Desenvuelve tu hamburguesa de comida rápida, la recoges y, justo cuando estás a punto de comer un bocado, te preguntas: ¿Qué hay exactamente en esta carne?

Y luego piensas: realmente no quiero saber.

Eric Schlosser se lo va a decir de todos modos. Su libro más vendido, 'Fast Food Nation', da la vuelta al panecillo, raspa la lechuga y el pepinillo y le da una mirada larga y detenida a esa pequeña hamburguesa marrón.



El periodista de investigación pasó casi tres años investigando meticulosamente la industria de la comida rápida, desde los mataderos y plantas empacadoras que elaboran las hamburguesas, hasta los trabajadores con salario mínimo que las cocinan, pasando por los comerciales de televisión que incitan a los niños a comerlas con la tentación de juguetes baratos y patios de recreo coloridos.

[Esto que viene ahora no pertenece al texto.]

(* Let $\nu>0$. For every $x>0$, $$\lim_{t\to\infty} t^{\nu}\,E^{(\nu)}_x\Big[\Big(\frac{1}{R_t}\Big)^{2\nu}\Big]=\frac{1}{2^{\nu}\Gamma(\nu+1)}.$$
   Context: For $\mu\in\mathbb{R}$ and $x>0$, $P^{(\mu)}_x$ denotes the law on $\Omega=C([0,\infty);\mathbb{R})$ of the Bessel process with index $\mu$ (dimension $2(\mu+1)$) started at $x$, and $E^{(\mu)}_x$ the corresponding expectation; $R$ is the coordinate process on $\Omega$. $\Gamma$ is the gamma function. *)

From HB Require Import structures.
From mathcomp Require Import all_boot all_order all_algebra.
From mathcomp Require Import all_classical all_reals all_analysis.
Set Implicit Arguments. Unset Strict Implicit. Unset Printing Implicit Defensive.
Import Order.TTheory GRing.Theory Num.Theory.
Import numFieldNormedType.Exports.
Local Open Scope classical_set_scope.
Local Open Scope ring_scope.

Section Bessel.
Variable R : realType.

Definition Gamma (s : R) : R :=
  fine (\int[@lebesgue_measure R]_(u in `]0%R, +oo[)
          ((u `^ (s - 1)) * expR (- u))%:E)%E.

Definition besselI (nu z : R) : R :=
  limn (series (fun k : nat =>
     (z / 2) `^ (2 * k%:R + nu) / ((k`!)%:R * Gamma (k%:R + nu + 1)))).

La experiencia lo enfureció y lo horrorizó.

De hecho, fue tan molesto que dice que ya no come carne molida. Incluso sus hijos, de 8 y 10 años, han sido separados de las hamburguesas escolares y de los Happy Meals que solían disfrutar. 'No estaban contentos con eso', admite recientemente durante un almuerzo de albóndigas chinas y salmón, 'pero como padre, tienes que saber qué estás alimentando a tus hijos'.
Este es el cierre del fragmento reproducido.